“In the north of Kirkcudbrightshire, in the beautiful district of the Glenkens, on the banks of the Ken, nearly opposite to the village of Dalry but on the other side of the river, stands the fine mansion-house of Glenlee Park, at one time the residence of Lord Glenlee, one of the Judges of the Court of Session. Silent and solitary, and untenanted for years now except by a caretaker, this eligible residence has the reputation of being haunted by a lady who walks about dressed in grey silk.

A lady, who is still alive, tells how the grey lady appeared to her one evening as she was sitting in front of her dressing-glass waiting on her maid to come and do up her hair. While looking into the mirror she became aware of someone or something behind her, and then saw a lady enter by the door of her room, pass across the floor, and disappear through a door which communicated with a dressing-room. As the house was full of company at the time she wondered whether some of the strangers had mistaken the way to her room; but she waited in vain for her return, and just as she was thinking of going to explore the mystery it occurred to her that there had been no sound of doors opening or of footfalls on the floor, nor was there any sound in the direction in which the lady had disappeared, and finally it struck her that the lady was not dressed like anyone in the house.

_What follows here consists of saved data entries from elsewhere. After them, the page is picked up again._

(* coefficient of q in
   r_a gcd(r_a,r_b) sum_{i<r_b} sum_{gamma} S_{a+b(-1)^i,gamma} / r_{a+b(-1)^i} *)
Definition rhs_coef (Q : finType) (d : nat) (S : nat -> nat -> {set Q})
  (a alpha b beta : nat) (q : Q) : rat :=
  ((dih_r d a * gcdn (dih_r d a) (dih_r d b))%N)%:R *
  \sum_(i < dih_r d b)
     let c := dih_bar d (a%:Z + b%:Z * (-1) ^+ i) in
     \sum_(gamma < dih_s d c |
             ((gcdn (dih_s d a) (dih_s d b))%:Z %| (alpha%:Z + beta%:Z - (gamma : nat)%:Z))%Z)
        (q \in S c gamma)%:R / (dih_r d c)%:R.
Arguments is_quasigroup {Q}.
Arguments balanced_cover {gT}  G {Q}.
Arguments prod_coef {Q}.
Arguments rhs_coef {Q}.

From HB Require Import structures.
From mathcomp Require Import all_boot all_order all_algebra all_fingroup all_solvable all_field all_character.
From mathcomp Require Import zify ring.
Import Order.TTheory GRing.Theory Num.Theory.
Set Implicit Arguments. Unset Strict Implicit. Unset Printing Implicit Defensive.

(* A cover f : Q -> Irr(G) is balanced exactly when the coefficient of q in
   S_i . S_j (S_i the fibre of i) depends only on f q; the cover condition
   then forces it to be chi_i(1) chi_j(1) '[chi_i chi_j, chi_k] / chi_k(1),
   k = f q.  For the dihedral group the irreducible characters are the
   theta_(a,alpha), realised by explicit representations of degree 1 and 2:
   they are pairwise distinct and their squared degrees already add up to 2d.
   Their products decompose by comparing values on the elements x^i y^j, and
   the resulting multiplicities are the coefficients of the stated equation. *)

Lemma disjoint_cover (I T : finType) (F : I -> {set T}) :
  (forall i j, i != j -> [disjoint F i & F j]) -> (\sum_i #|F i|)%N = #|T| ->
  forall t, exists i, t \in F i.
Proof.
move=> disjF sumF t; have : t \in \bigcup_i F i; last by case/bigcupP => i _; exists i.
suff -> : \bigcup_i F i = setT by rewrite inE.
apply/eqP; rewrite eqEcard subsetT cardsT -sumF -sum1_card.
by rewrite (partition_disjoint_bigcup _ _ disjF); apply/eq_leq/eq_bigr => i _; rewrite sum1_card.
Qed.

Section BalancedCover.
Variables (gT : finGroupType) (G : {group gT}) (Q : finType) (mul : Q -> Q -> Q).
Local Open Scope ring_scope.

Definition mul_count (f : Q -> Iirr G) i j q : nat :=
  #|[set p : Q * Q | [&& f p.1 == i, f p.2 == j & mul p.1 p.2 == q]]|.

Lemma card_mul_fibre f i j k :
  #|[set p : Q * Q | [&& f p.1 == i, f p.2 == j & f (mul p.1 p.2) == k]]| =
  (\sum_(q | f q == k) mul_count f i j q)%N.
Proof.
rewrite -sum1_card (partition_big (fun p : Q * Q => mul p.1 p.2) [pred q | f q == k]) /=.
  apply: eq_bigr => q fq; rewrite /mul_count -sum1_card; apply: eq_bigl => p; rewrite !inE.
  by case: (mul p.1 p.2 =P q) => [-> | _]; rewrite ?fq ?andbT ?andbF.
by move=> p; rewrite inE => /and3P[].
Qed.

Definition cover_equations (f : Q -> Iirr G) : Prop :=
  (forall i, #|[set q | f q == i]|%:R = 'chi_i 1%g ^+ 2 :> algC) /\
  (forall i j q, (mul_count f i j q)%:R * 'chi_(f q) 1%g =
                 'chi_i 1%g * 'chi_j 1%g * '['chi_i * 'chi_j, 'chi_(f q)]).

Lemma balanced_coverP : #|Q| = #|G| ->
  balanced_cover G mul <-> exists f, cover_equations f.
Proof.
move=> cardQ; split=> [[f [[_ _ card_fibre card_mul] bal]] | [f [card_fibre mul_countE]]].
  exists f; split=> // i j q; apply: (mulfI (irr1_neq0 (f q))).
  have := card_mul i j (f q); rewrite card_mul_fibre.
  rewrite (eq_bigr (fun=> mul_count f i j q)) => [|q' /eqP]; last exact: bal.
  rewrite sum_nat_const natrM (@eq_card _ _ [set q' | f q' == f q]) => [|q'].
    by rewrite card_fibre => total; rewrite mulrCA -expr2 mulrC total; ring.
  by rewrite inE.
have count_const i j q q' : f q = f q' -> mul_count f i j q = mul_count f i j q'.
  move=> fqq'; apply/eqP; rewrite -(eqr_nat algC); apply/eqP.
  by apply: (mulIf (irr1_neq0 (f q))); rewrite mul_countE fqq' -mul_countE.
exists f; split=> //; split=> // [i | i j k].
  have : (0 < #|[set q | f q == i]|)%N.
    by rewrite lt0n -(pnatr_eq0 algC) card_fibre expf_eq0 (negbTE (irr1_neq0 i)) andbF.
  by case/card_gt0P => q; rewrite inE => /eqP; exists q.
apply: (mulIf (irr1_neq0 k)); rewrite card_mul_fibre natr_sum mulr_suml.
under eq_bigr => q /eqP fq do rewrite -fq mul_countE fq.
rewrite sumr_const -[_ *+ _]mulr_natl -cardsE card_fibre.
by ring.
Qed.

End BalancedCover.

Section DihedralGroup.
Variables (d : nat) (gT : finGroupType) (G : {group gT}) (x y : gT).
Hypotheses (d_gt0 : (0 < d)%N) (genG : G :=: <<[set x; y]>>%g)
  (y2 : (y ^+ 2 = 1)%g) (xd : (x ^+ d = 1)%g) (xJy : (x ^ y = x^-1)%g)
  (cardG : #|G| = (2 * d)%N).
Local Open Scope group_scope.

Lemma x_in_G : x \in G. Proof. by rewrite genG mem_gen // !inE eqxx. Qed.
Lemma y_in_G : y \in G. Proof. by rewrite genG mem_gen // !inE eqxx orbT. Qed.

Lemma dihedral_mulg : G :=: <[x]> * <[y]>.
Proof.
have nXY : <[y]> \subset 'N(<[x]>) by rewrite cycle_subG inE -cycleJ xJy cycleV.
rewrite -norm_joinEr //; apply/eqP; rewrite eqEsubset join_subG !cycle_subG.
rewrite x_in_G y_in_G !andbT {1}genG gen_subG; apply/subsetP => z.
by rewrite !inE => /orP[] /eqP ->; rewrite mem_gen // inE cycle_id ?orbT.
Qed.

Lemma dihedral_orders : [/\ #[x] = d, #[y] = 2 & <[x]> :&: <[y]> = 1].
Proof.
have card_mul := mul_cardG <[x]>%G <[y]>%G; rewrite /= -dihedral_mulg cardG in card_mul.
have ox : (#[x] <= d)%N by apply: dvdn_leq => //; rewrite order_dvdn xd.
have oy : (#[y] <= 2)%N by apply: dvdn_leq => //; rewrite order_dvdn y2.
have oxy : (0 < #|<[x]> :&: <[y]>|)%N by apply: cardG_gt0.
suff [-> -> oxy1] : [/\ #[x] = d, #[y] = 2 & #|<[x]> :&: <[y]>| = 1%N].
  by split => //; apply/eqP; rewrite trivg_card1 oxy1.
move: card_mul ox oy oxy; rewrite /order.
move: #|<[x]>| #|<[y]>| #|_ :&: _| => m n k mn_eq le_md le_n2 k_gt0.
have k1 : k = 1%N by nia.
by split; nia.
Qed.

Lemma order_x : #[x] = d. Proof. by case: dihedral_orders. Qed.
Lemma order_y : #[y] = 2. Proof. by case: dihedral_orders. Qed.

Lemma dihedral_normal_form g : g \in G ->
  exists i j, [/\ (i < d)%N, (j < 2)%N & g = x ^+ i * y ^+ j].
Proof.
rewrite dihedral_mulg => /mulsgP [_ _ /cycleP [i ->] /cycleP [j ->] ->].
exists (i %% d)%N, (j %% 2)%N; rewrite !ltn_pmod //.
by rewrite -order_x -order_y !expg_mod_order.
Qed.

Lemma dihedral_normal_form_uniq i j k l : x ^+ i * y ^+ j = x ^+ k * y ^+ l ->
  (i = k %[mod d]) /\ (j = l %[mod 2]).
Proof.
move=> E; have [ox oy trivXY] := dihedral_orders.
have E' : (x ^+ k)^-1 * x ^+ i = y ^+ l * (y ^+ j)^-1.
  by rewrite -[x ^+ i](mulgK (y ^+ j)) E mulgA mulKg.
have : (x ^+ k)^-1 * x ^+ i \in <[x]> :&: <[y]>.
  by rewrite inE groupM ?groupV ?mem_cycle //= E' groupM ?groupV ?mem_cycle.
rewrite trivXY => /set1gP xki1; move: (xki1); rewrite E' => ylj1.
split; apply/eqP.
- by rewrite -ox -eq_expg_mod_order eq_sym eq_mulVg1 xki1.
- by rewrite -oy -eq_expg_mod_order eq_sym eq_mulgV1 ylj1.
Qed.

Definition dih_coords (g : gT) : nat * nat :=
  if [pick p : 'I_d * 'I_2 | g == x ^+ p.1 * y ^+ p.2] is Some p
  then (val p.1, val p.2) else (0, 0)%N.

Lemma dih_coordsE i j : dih_coords (x ^+ i * y ^+ j) = (i %% d, j %% 2)%N.
Proof.
rewrite /dih_coords; case: pickP => [[k l] /eqP /= E | none].
  by case: (dihedral_normal_form_uniq E) => -> ->; rewrite !modn_small.
have := none (Ordinal (ltn_pmod i d_gt0), Ordinal (ltn_pmod j (isT : 0 < 2)%N)).
by rewrite /= -{1}order_x -{1}order_y !expg_mod_order eqxx.
Qed.

Lemma dih_coordsP g : g \in G ->
  [/\ g = x ^+ (dih_coords g).1 * y ^+ (dih_coords g).2,
      ((dih_coords g).1 < d)%N & ((dih_coords g).2 < 2)%N].
Proof. by case/dihedral_normal_form => i [j [ltid ltj2 ->]]; rewrite dih_coordsE !modn_small. Qed.

Lemma dihedral_enum : G = [set x ^+ p.1 * y ^+ p.2 | p : 'I_d * 'I_2] :> {set gT}.
Proof.
apply/setP => g; apply/idP/imsetP => [Gg | [p _ ->]].
  by have [eg lt1 lt2] := dih_coordsP Gg; exists (Ordinal lt1, Ordinal lt2).
by rewrite groupM ?groupX ?x_in_G ?y_in_G.
Qed.

Lemma xpow_inv k : x ^+ (d.-1 * k) = (x ^+ k)^-1.
Proof.
apply/eqP; rewrite eq_mulgV1 invgK -expgD addnC -mulSn prednK //.
by rewrite expgM xd expg1n.
Qed.

Lemma ypow_xpow j k :
  y ^+ j * x ^+ k = x ^+ (if odd j then d.-1 * k else k)%N * y ^+ j.
Proof.
have yV : y^-1 = y by apply/eqP; rewrite eq_invg_mul -expg2 y2.
have yx m : y * x ^+ m = x ^+ (d.-1 * m) * y.
  by rewrite conjgCV yV conjXg xJy expgVn xpow_inv.
elim: j => [|j IHj]; first by rewrite mulg1 mul1g.
rewrite expgS -mulgA IHj mulgA yx -mulgA /=.
by case: (odd j); rewrite //= !xpow_inv invgK.
Qed.

Lemma sum_dihedral (F : gT -> algC) :
  (\sum_(g in G) F g = \sum_(i < d) \sum_(j < 2) F (x ^+ i * y ^+ j)%g)%R.
Proof.
rewrite dihedral_enum big_imset /=; first by rewrite pair_big.
move=> [i j] [k l] _ _ /= /dihedral_normal_form_uniq [].
by rewrite !modn_small // => ik jl; congr (_, _); apply: val_inj.
Qed.

Local Open Scope ring_scope.

Lemma cfun_dihedral (phi psi : 'CF(G)) :
  (forall i j, phi (x ^+ i * y ^+ j)%g = psi (x ^+ i * y ^+ j)%g) -> phi = psi.
Proof. by move=> eq_xy; apply/cfun_inP => g /dih_coordsP [-> _ _]. Qed.

Section MatrixRepresentation.
Variables (n : nat) (X : nat -> 'M[algC]_n) (Y : 'M[algC]_n).
Hypotheses (X0 : X 0 = 1%:M) (XD : forall i k, X i *m X k = X (i + k))
  (Xd : X d = 1%:M) (YY : Y *m Y = 1%:M)
  (YX : forall k, Y *m X k = X (d.-1 * k) *m Y).

Definition Ypow j := if odd j then Y else 1%:M.
Definition dih_mx (g : gT) := X (dih_coords g).1 *m Ypow (dih_coords g).2.

Lemma X_mod i : X (i %% d) = X i.
Proof.
have Xmuld q : X (q * d) = 1%:M.
  by elim: q => [|q IHq]; rewrite ?X0 // mulSn -XD Xd IHq mul1mx.
by rewrite {2}(divn_eq i d) -XD Xmuld mul1mx.
Qed.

On another occasion the same lady was sitting up with her husband, who was seriously ill, and during the night a kind of rap was heard on the door, or about the door, which roused her to go and see what it was. Upon opening the door a face stared at her, but spoke not, and passed silently along the dimly-lighted corridor out of sight.

A guest at Glenlee, before going off to some entertainment one evening ran up to his bedroom for something or other, and to his surprise there was a lady standing at his dressing-table putting some finishing touches to her toilette. He at once withdrew, thinking that some of the ladies in the hurry of the moment had gone into the wrong bedroom. When he came down again they were all upon the point of departure, and called to him to come along—but before getting into the carriage he said,

‘You have forgotten one of the ladies.’

‘Oh, no!’ they said, ‘everyone is here, and but for your lingering we should have been off.’

One evening at dark the butler was hastening down the avenue on some errand to the lodge-keeper’s, when suddenly a lady hurried past him, and he heard nothing but a faint rustle as of her dress, or the faint flickering of the remaining autumn leaves in the breeze overhead. As it was at a time when all the ladies were supposed to be indoors curiosity piqued him to follow her and watch her movements. She hurried on without once looking round, and finally disappeared through a disused cellar door which he knew to be locked and rusted from want of use. Not till then did it strike the butler that there was anything uncanny about the lady that had hurried past him in the gloom of the evening.

No satisfactory explanation of these unpleasant experiences has ever been established.

Mr Blacklock, in his notes on Twenty Years’ Holidaying in the Glenkens, makes mention of the Glenlee ghost, and adds that Lady Ashburton was said to have poisoned her husband, who was afflicted with morbus pediculus. ‘Whatsoever a man soweth that shall he also reap’—and there is a further tradition that Lady Ashburton’s butler poisoned her in turn, in order to possess himself of some valuables which he coveted.